_Extracted data entries_
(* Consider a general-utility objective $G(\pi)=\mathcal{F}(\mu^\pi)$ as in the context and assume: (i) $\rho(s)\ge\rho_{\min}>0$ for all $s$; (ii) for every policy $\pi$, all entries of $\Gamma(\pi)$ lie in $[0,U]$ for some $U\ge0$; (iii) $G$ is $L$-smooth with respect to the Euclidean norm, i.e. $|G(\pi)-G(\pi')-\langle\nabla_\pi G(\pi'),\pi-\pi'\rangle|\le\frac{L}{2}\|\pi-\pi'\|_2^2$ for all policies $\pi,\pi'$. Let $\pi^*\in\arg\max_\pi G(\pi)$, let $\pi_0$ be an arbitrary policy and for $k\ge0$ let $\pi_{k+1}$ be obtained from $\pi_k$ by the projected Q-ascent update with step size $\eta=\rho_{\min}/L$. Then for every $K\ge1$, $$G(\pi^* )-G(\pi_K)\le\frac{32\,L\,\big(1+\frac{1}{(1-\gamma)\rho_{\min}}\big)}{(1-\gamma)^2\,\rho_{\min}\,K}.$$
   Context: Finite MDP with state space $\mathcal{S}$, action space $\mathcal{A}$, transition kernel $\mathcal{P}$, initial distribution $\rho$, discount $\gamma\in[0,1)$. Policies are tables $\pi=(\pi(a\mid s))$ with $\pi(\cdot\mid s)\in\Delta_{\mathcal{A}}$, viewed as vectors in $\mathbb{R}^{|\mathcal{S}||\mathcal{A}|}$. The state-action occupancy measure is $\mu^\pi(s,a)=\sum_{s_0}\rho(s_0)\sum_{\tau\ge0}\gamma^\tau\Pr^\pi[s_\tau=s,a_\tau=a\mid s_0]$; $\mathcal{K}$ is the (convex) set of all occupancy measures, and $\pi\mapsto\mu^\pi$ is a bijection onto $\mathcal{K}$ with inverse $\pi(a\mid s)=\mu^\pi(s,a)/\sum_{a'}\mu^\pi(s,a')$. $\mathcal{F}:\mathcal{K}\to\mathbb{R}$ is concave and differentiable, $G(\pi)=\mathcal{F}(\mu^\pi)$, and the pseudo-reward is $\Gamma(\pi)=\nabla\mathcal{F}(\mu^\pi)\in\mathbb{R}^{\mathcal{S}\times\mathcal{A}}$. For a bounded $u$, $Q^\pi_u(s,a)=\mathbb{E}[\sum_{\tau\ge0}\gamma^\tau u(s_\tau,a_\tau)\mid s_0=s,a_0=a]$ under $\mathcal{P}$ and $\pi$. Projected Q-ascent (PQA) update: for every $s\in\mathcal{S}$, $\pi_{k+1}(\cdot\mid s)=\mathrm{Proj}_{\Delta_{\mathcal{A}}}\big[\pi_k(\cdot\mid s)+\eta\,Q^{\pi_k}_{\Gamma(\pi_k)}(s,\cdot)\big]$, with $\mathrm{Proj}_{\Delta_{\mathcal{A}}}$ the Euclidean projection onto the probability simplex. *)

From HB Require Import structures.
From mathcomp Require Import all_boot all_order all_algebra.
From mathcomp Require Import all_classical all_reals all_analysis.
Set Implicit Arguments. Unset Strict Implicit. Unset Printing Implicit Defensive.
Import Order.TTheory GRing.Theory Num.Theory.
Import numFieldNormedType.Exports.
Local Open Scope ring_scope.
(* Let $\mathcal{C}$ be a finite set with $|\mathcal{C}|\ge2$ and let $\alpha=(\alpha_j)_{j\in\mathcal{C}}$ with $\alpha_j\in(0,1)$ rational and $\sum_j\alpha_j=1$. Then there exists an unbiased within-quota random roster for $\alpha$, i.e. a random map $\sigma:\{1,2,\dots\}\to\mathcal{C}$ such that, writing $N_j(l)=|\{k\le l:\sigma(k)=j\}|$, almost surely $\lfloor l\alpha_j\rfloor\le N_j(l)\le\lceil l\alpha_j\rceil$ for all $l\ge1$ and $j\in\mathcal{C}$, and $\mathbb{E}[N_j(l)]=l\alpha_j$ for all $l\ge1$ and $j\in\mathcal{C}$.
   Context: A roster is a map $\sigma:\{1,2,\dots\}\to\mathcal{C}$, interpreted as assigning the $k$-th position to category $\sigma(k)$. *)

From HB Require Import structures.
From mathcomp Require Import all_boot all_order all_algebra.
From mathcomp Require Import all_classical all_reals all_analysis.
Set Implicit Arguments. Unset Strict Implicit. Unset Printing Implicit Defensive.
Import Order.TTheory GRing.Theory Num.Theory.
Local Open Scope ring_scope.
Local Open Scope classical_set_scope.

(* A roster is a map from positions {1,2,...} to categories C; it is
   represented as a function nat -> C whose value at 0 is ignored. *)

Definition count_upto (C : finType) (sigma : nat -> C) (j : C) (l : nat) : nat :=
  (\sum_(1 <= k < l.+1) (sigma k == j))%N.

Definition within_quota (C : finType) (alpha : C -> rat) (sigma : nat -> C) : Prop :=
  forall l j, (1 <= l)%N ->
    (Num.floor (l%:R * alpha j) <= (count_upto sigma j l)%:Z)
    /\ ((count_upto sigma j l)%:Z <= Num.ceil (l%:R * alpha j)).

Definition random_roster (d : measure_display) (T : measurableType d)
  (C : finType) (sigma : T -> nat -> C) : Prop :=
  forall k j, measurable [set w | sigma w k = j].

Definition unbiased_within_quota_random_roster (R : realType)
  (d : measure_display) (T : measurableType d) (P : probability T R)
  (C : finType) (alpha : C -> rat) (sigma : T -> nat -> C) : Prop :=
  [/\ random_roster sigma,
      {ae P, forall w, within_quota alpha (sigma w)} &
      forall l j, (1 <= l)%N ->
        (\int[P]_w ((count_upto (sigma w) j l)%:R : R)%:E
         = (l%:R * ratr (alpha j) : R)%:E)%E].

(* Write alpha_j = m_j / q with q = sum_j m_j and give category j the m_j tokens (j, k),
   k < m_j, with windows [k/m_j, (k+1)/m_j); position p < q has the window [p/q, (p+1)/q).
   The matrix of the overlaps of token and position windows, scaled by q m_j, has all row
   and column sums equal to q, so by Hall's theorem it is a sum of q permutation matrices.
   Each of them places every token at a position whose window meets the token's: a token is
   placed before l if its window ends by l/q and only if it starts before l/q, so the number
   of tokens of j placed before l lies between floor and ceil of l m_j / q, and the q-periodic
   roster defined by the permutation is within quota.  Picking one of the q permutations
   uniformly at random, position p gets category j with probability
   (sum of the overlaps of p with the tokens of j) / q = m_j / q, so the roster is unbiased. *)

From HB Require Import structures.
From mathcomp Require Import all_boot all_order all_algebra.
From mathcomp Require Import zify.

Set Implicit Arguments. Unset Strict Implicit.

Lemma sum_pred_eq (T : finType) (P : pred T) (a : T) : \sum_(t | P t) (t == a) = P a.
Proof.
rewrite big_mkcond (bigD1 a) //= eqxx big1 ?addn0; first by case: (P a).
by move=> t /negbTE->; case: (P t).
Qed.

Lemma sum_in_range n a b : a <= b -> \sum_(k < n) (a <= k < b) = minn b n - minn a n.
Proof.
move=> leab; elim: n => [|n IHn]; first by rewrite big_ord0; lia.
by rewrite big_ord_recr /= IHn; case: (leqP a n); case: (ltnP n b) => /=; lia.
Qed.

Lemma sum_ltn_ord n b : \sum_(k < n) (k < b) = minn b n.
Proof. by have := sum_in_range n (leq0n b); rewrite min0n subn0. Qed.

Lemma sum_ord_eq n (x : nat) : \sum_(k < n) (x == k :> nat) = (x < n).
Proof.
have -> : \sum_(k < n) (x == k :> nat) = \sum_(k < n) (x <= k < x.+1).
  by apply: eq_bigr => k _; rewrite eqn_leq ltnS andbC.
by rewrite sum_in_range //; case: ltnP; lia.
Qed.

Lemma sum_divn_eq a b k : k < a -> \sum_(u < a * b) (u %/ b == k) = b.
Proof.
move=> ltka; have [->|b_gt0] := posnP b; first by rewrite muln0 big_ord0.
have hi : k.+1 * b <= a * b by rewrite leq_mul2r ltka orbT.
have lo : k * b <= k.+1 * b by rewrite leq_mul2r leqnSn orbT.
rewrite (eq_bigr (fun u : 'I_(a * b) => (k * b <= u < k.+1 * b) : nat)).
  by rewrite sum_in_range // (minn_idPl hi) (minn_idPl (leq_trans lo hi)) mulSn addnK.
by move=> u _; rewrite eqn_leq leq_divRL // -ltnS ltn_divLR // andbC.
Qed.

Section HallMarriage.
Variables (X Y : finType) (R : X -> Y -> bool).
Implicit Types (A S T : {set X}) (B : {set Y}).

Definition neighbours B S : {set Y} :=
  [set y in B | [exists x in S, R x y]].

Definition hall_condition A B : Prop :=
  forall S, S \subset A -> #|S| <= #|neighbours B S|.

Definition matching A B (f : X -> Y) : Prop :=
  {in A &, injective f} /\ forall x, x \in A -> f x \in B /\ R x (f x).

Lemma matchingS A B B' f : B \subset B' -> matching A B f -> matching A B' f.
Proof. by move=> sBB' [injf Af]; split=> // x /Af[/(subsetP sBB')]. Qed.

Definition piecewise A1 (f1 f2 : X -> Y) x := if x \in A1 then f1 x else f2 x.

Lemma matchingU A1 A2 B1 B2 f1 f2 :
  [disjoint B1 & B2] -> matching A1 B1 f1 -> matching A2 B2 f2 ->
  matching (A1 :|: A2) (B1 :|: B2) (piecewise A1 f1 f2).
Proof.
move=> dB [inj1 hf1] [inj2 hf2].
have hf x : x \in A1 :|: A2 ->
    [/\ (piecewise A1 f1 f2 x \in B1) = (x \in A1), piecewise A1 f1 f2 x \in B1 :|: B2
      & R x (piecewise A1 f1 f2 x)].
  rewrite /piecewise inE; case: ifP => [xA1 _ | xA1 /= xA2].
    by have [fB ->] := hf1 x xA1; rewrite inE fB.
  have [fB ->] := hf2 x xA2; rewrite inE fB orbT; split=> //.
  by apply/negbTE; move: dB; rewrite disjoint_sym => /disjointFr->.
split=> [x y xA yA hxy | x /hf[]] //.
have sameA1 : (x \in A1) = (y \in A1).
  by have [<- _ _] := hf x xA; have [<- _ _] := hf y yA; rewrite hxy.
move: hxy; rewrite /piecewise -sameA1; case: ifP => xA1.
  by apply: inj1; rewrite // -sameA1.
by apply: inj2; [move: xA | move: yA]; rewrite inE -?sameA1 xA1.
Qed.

_Exercise_
Within the records above, count the lines that contain "Implicit" and give the number with nothing added.

_Task response_
4